Lady Justice Elisabeth Laing:

Introduction

1.

This case concerns rights to reside in the United Kingdom which were conferred by EU law and in particular by Directive 2004/38/EC (‘the Directive’) before 31 December 2020. Specifically, it concerns the impact of divorce and of imprisonment on the rights conferred by EU law on the member of the family of a national of an EU member state (for convenience, ‘an EU national’) who is, himself, not a national of an EU member state (for convenience, ‘a third country national’).

2.

The Appellant (‘A’) appeals against a determination of the Upper Tribunal (Immigration and Asylum) Chamber (‘the UT’) promulgated on 6 January 2022. The UT allowed an appeal by the Secretary of State from a determination of the First-tier Tribunal (Asylum and Immigration Chamber) (‘the F-tT’) promulgated on 6 April 2021. The F-tT had allowed A’s appeal from a decision of the Secretary of State dated 19 April 2016 to revoke A’s EEA residence card (‘decision 1’).

3.

Paragraph references are to the determinations of the F-tT or of the UT, as the case may be, or if I am referring to an authority, to that authority.

4.

On this appeal, A was represented by Mr Jafferji and Mr Broachwalla. The Secretary of State was represented by Ms Smyth. I thank counsel for their written and oral submissions.

5.

I gave A permission to appeal on the papers. Mr Jafferji indicated in his oral submissions that, in the light of the grant of permission to appeal, A had two grounds of appeal.

i.

The UT erred in law in holding that the critical date for the purposes of A’s rights in EU law was the date of the divorce decree. It should have held that the critical date was the date when the divorce proceedings were started.

ii.

The UT erred in law in holding that A lost his rights in EU law when he was imprisoned.

6.

The Secretary of State applied, out of time, to rely on a Respondent’s Notice (‘RN’). The RN reflected arguments on which the Secretary of State had relied in the F-tT and in the UT, but which, the Secretary of State says, the UT did not consider. The Secretary of State relied on two arguments.

i.

Even if the decisive date for the purposes of A’s rights in EU law was the date when divorce proceedings were initiated (which the Secretary of State does not accept), A did not satisfy the relevant conditions imposed by EU law because he was not a worker while he was in prison.
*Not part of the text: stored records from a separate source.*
(* Let $G$ be a weak directed $st$-graph. Then in every complete chain of minimal vertex separators $T_0,T_1,\ldots,T_n$ of $G$ there exists some $T_i$ that contains a critical node.
   Context: A directed $st$-graph $G=(V,E,s,t)$ is a finite directed graph with no self-loops and no parallel edges, with distinct source $s$ (no incoming edges) and sink $t$ (no outgoing edges), such that every vertex lies on some directed walk from $s$ to $t$. Channels: a charge function $\eta:V\to\mathbb{N}\cup\{\infty\}$ with $\eta(s)=\eta(t)=\infty$; a flow for $\eta$ is a finitely supported $\phi$ from the set of $s$–$t$ walks to $\mathbb{N}$ with $\sum_p m_v(p)\phi(p)\le\eta(v)$ for every $v$ ($m_v(p)$ = number of occurrences of $v$ in $p$); value $\sum_p\phi(p)$; $\max_\eta$ = maximum value; $\phi$ inhibits $\eta$ if after subtracting $\phi$'s consumption from $\eta$ no positive-value flow exists; $\min_\eta$ = minimum value of an inhibiting flow; $G$ is weak if $\min_\eta\ne\max_\eta$ for some $\eta$. A vertex separator is a set $T\subseteq V$ meeting every $s$–$t$ walk; an mvs is an inclusion-minimal one. For $u\in V$, $A\subseteq V$: $u\sqsubseteq A$ if every directed walk from $u$ to $t$ contains a vertex of $A$; for $A,A'\subseteq V$, $A\sqsubseteq A'$ if $u\sqsubseteq A'$ for all $u\in A$, and $A\sqsubset A'$ means $A\sqsubseteq A'$ and $A\ne A'$. A sequence of mvs's $T_0,\ldots,T_n$ is a complete chain if $T_0=\{s\}$, $T_n=\{t\}$, $T_i\sqsubset T_{i+1}$ for all $i$, and for every mvs $T$ and every $i$, $T_i\sqsubseteq T\sqsubseteq T_{i+1}$ implies $T=T_i$ or $T=T_{i+1}$. A vertex $b$ is a critical node if there exist an mvs $T$ and $a\in T$ with $b\in T$ and a directed walk of length at least one from $a$ to $b$ ($a=b$ allowed). *)

From mathcomp Require Import all_boot finset.
Set Implicit Arguments. Unset Strict Implicit. Unset Printing Implicit Defensive.
Lemma linear_delta_eq n (F G : {linear 'M[C]_n -> 'M[C]_n}) :
  (forall k l, F (delta_mx k l) = G (delta_mx k l)) -> F =1 G.
Proof.
move=> FG_delta X; rewrite (matrix_sum_delta X) !linear_sum; apply: eq_bigr => k _.
by rewrite !linear_sum; apply: eq_bigr => l _; rewrite !linearZ /= FG_delta.
Qed.

(* Normalized projections [w w^dagger] are densities, and they span all
   matrices by polarization. *)
Lemma linear_density_eq n (F G : {linear 'M[C]_n -> 'M[C]_n}) :
  (forall rho, density rho -> F rho = G rho) -> F =1 G.
Proof.
move=> FG_density.
have FG_outer_self (w : 'cV[C]_n) : F (w *m dag w) = G (w *m dag w).
  have [tr0 | tr_neq0] := eqVneq (\tr (w *m dag w)) 0.
    suff -> : w = 0 by rewrite mul0mx !raddf0.
    have sq_ge0 (k : 'I_n) : true -> 0 <= `|w k 0| ^+ 2 by rewrite exprn_ge0 ?normr_ge0.
    move: tr0; rewrite mxtrace_outer => /(psumr_eq0P sq_ge0) w0.
    apply/matrixP => i j; rewrite ord1 mxE.
    by have /eqP := w0 i isT; rewrite expf_eq0 /= normr_eq0 => /eqP.
  have := FG_density _ (density_normalized_outer tr_neq0).
  by rewrite !linearZ => /(scalerI (invr_neq0 tr_neq0)).
have FG_outer (u v : 'cV[C]_n) : F (u *m dag v) = G (u *m dag v).
  have [j j2 conj_j] : exists2 j : C, j ^+ 2 = -1 & j^* = - j.
    by exists 'i; [exact: sqrCi | exact: conjCi].
  have polarization : 2%:R *: (u *m dag v) =
      ((u + v) *m dag (u + v) - u *m dag u - v *m dag v)
    + j *: ((u + j *: v) *m dag (u + j *: v) - u *m dag u - v *m dag v).
    apply/matrixP => i k; rewrite !(outer_mxE, mxE) !rmorphD !rmorphM /= conj_j mulNr.
    move: (u i 0) (v i 0) ((u k 0)^*) ((v k 0)^*) => a b a' b'.
    transitivity (2 * (a * b') + (j ^+ 2 + 1) * (b * a' - a * b' - j * (b * b'))).
      by rewrite j2 addNr mul0r addr0.
    ring.
  have : F (2%:R *: (u *m dag v)) = G (2%:R *: (u *m dag v)).
    by rewrite polarization !linearD !linearN !linearZ !FG_outer_self.
  by rewrite !linearZ => /scalerI; apply; rewrite pnatr_eq0.
apply: linear_delta_eq => k l.
have <- : (delta_mx k 0 : 'cV[C]_n) *m dag (delta_mx l 0) = delta_mx k l.
  apply/matrixP => i j; rewrite outer_mxE !mxE.
  by case: (i == k); case: (j == l); rewrite ?rmorph1 ?rmorph0 ?mulr0 ?mul0r ?mulr1.
exact: FG_outer.
Qed.

Lemma mul_delta_mxE m p q (A : 'M[C]_(m, p)) (B : 'M[C]_(p, q)) k l i j :
  (A *m delta_mx k l *m B) i j = A i k * B l j.
Proof.
rewrite mxE (bigD1 l) //= big1 ?addr0 => [|z z_neq_l]; last first.
  by rewrite mxE big1 ?mul0r // => y _; rewrite mxE (negPf z_neq_l) andbF mulr0.
rewrite mxE (bigD1 k) //= big1 ?addr0 => [|y y_neq_k]; last first.
  by rewrite mxE (negPf y_neq_k) mulr0.
by rewrite mxE !eqxx mulr1.
Qed.

Lemma tens_delta_mx m n (a b : 'I_m) (k l : 'I_n) :
  (delta_mx a b : 'M[C]_m) *t (delta_mx k l : 'M[C]_n) =
  delta_mx (mxtens_index (a, k)) (mxtens_index (b, l)).
Proof.
apply/matrixP => x y.
rewrite -[x]mxtens_unindexK -[y]mxtens_unindexK.
case: (mxtens_unindex x) => x1 x2; case: (mxtens_unindex y) => y1 y2.
rewrite tensmxE !mxE !(inj_eq (can_inj (@mxtens_indexK _ _))) !xpair_eqE.
by case: (x1 == a); case: (y1 == b); case: (x2 == k); case: (y2 == l);
  rewrite /= ?mulr0 ?mul0r ?mulr1.
Qed.

(* [choi_overlap F] is <Omega| (id (x) F)(|Omega><Omega|) |Omega> for the
   unnormalized maximally entangled vector Omega = sum_k |k>|k>. *)
Definition choi_overlap n (F : 'M[C]_n -> 'M[C]_n) : C :=
  \sum_k \sum_l F (delta_mx k l) k l.

Lemma choi_overlap_kraus n d (K : 'I_d -> 'M[C]_n) :
  choi_overlap (kraus_map K) = \sum_j `|\tr (K j)| ^+ 2.
Proof.
have entryE k l : kraus_map K (delta_mx k l) k l = \sum_j K j k k * (K j l l)^*.
  by rewrite /kraus_map summxE; apply: eq_bigr => j _; rewrite mul_delta_mxE dag_mxE.
rewrite /choi_overlap; under eq_bigr => k _ do under eq_bigr => l _ do rewrite entryE.
under eq_bigr => k _ do rewrite exchange_big /=.
rewrite exchange_big /=; apply: eq_bigr => j _.
rewrite normCK /mxtrace rmorph_sum mulr_suml; apply: eq_bigr => k _.
by rewrite mulr_sumr.
Qed.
The UT erred in law in holding that A could rely on Orfanopoulos v Land Baden Württemberg (C-482/01) [2005] CMLR 433.

ii.

Any right to reside which A might have had before he was imprisoned could not revive on his release.

7.

For the reasons I give in this judgment, I have reached five conclusions.

i.

A had to show that he met the conditions of article 7.2 of the Directive immediately before the divorce was finalised.

ii.

A ceased to meet the conditions of article 7.2 of the Directive when he was imprisoned, before the divorce was finalised.

iii.

A therefore lost the protection of article 7.2 of the Directive when he was imprisoned.

iv.

By the time the divorce was finalised, A had no rights which article 13.2 of the Directive could preserve.

v.

The UT’s approach to the appeal was wrong in law, but the arguments in the RN enable this Court nevertheless to uphold the UT’s determination on different grounds and to dismiss A’s appeal.

The facts

8.

A is a citizen of Nigeria. In 2009 he married a French citizen, Y, in Ghana. In the tax year 2010-2011, she began working in the United Kingdom. On 13 June 2011 A was issued an EEA residence card which was valid until June 2016. On 20 January 2014 divorce proceedings were initiated. It is not clear from the determinations who initiated the divorce, but the application for permission to appeal to this Court suggested that it was A. The marriage between A and Y ended on 6 March 2015 (the date of the decree absolute).

9.

A had convictions in 2009 and 2011 for offences of dishonesty. On 7 February 2014, he was convicted of conspiracy to defraud. On 29 April 2014, A was sentenced to 27 months’ imprisonment, and duly imprisoned. The F-tT found as a fact that A worked, and was also self-employed, before he was imprisoned, and that he worked up to the date of his imprisonment (paragraph 14(i)).

10.

At some point between 1 August 2014 and March 2015, Y left the United Kingdom and so ceased to exercise Treaty rights here. Neither the F-tT nor the UT made a finding about the exact date when Y left. The Secretary of State nevertheless submits on this appeal that it is clear from documentary and other evidence before the F-tT that she did so after the initiation of the divorce proceedings and after A’s imprisonment. The Secretary of State relies on a witness statement from HMRC, which was in A’s bundle of documents for the F-tT hearing, and which the Secretary of State had served on A in accordance with the F-tT’s directions. That statement showed that Y had been working for London City Cleaning between 6 May 2014 and 1 August 2014 (that is, after the commencement of the divorce proceedings and after A’s imprisonment). Documents also showed that Y was self-employed during the 2013-2014 tax year. The relevant passages in Y’s witness statement tallied with that information.

11.

On 29 May 2014, A was served with a decision to make a deportation order under the Immigration (European Economic Area) Regulations 2006 (‘the 2006 Regulations’). A responded to that decision. The Secretary of State decided to deport him. The Secretary of State made a deportation order on 13 November 2014.

12.

A was released on 13 June 2015, on immigration bail. His bail conditions at all relevant times prevented him from working, as the F-tT found (paragraph 14(ii)). The F-tT also found as a fact that A ‘has not actually worked or been jobseeking, since being released from prison’ (paragraph 13(iv)).

13.

The Secretary of State revoked the EEA deportation decision on 20 April 2016, the day after decision 1. On 11 June 2017 the Secretary of State made a decision to deport A under section 32 of the UK Borders Act 2007. The Secretary of State refused A’s human rights claim on 12 June 2017 (‘decision 2’). A also appealed against decision 2. His appeal to the F-tT against decision 2 has been stayed pending the outcome of this appeal.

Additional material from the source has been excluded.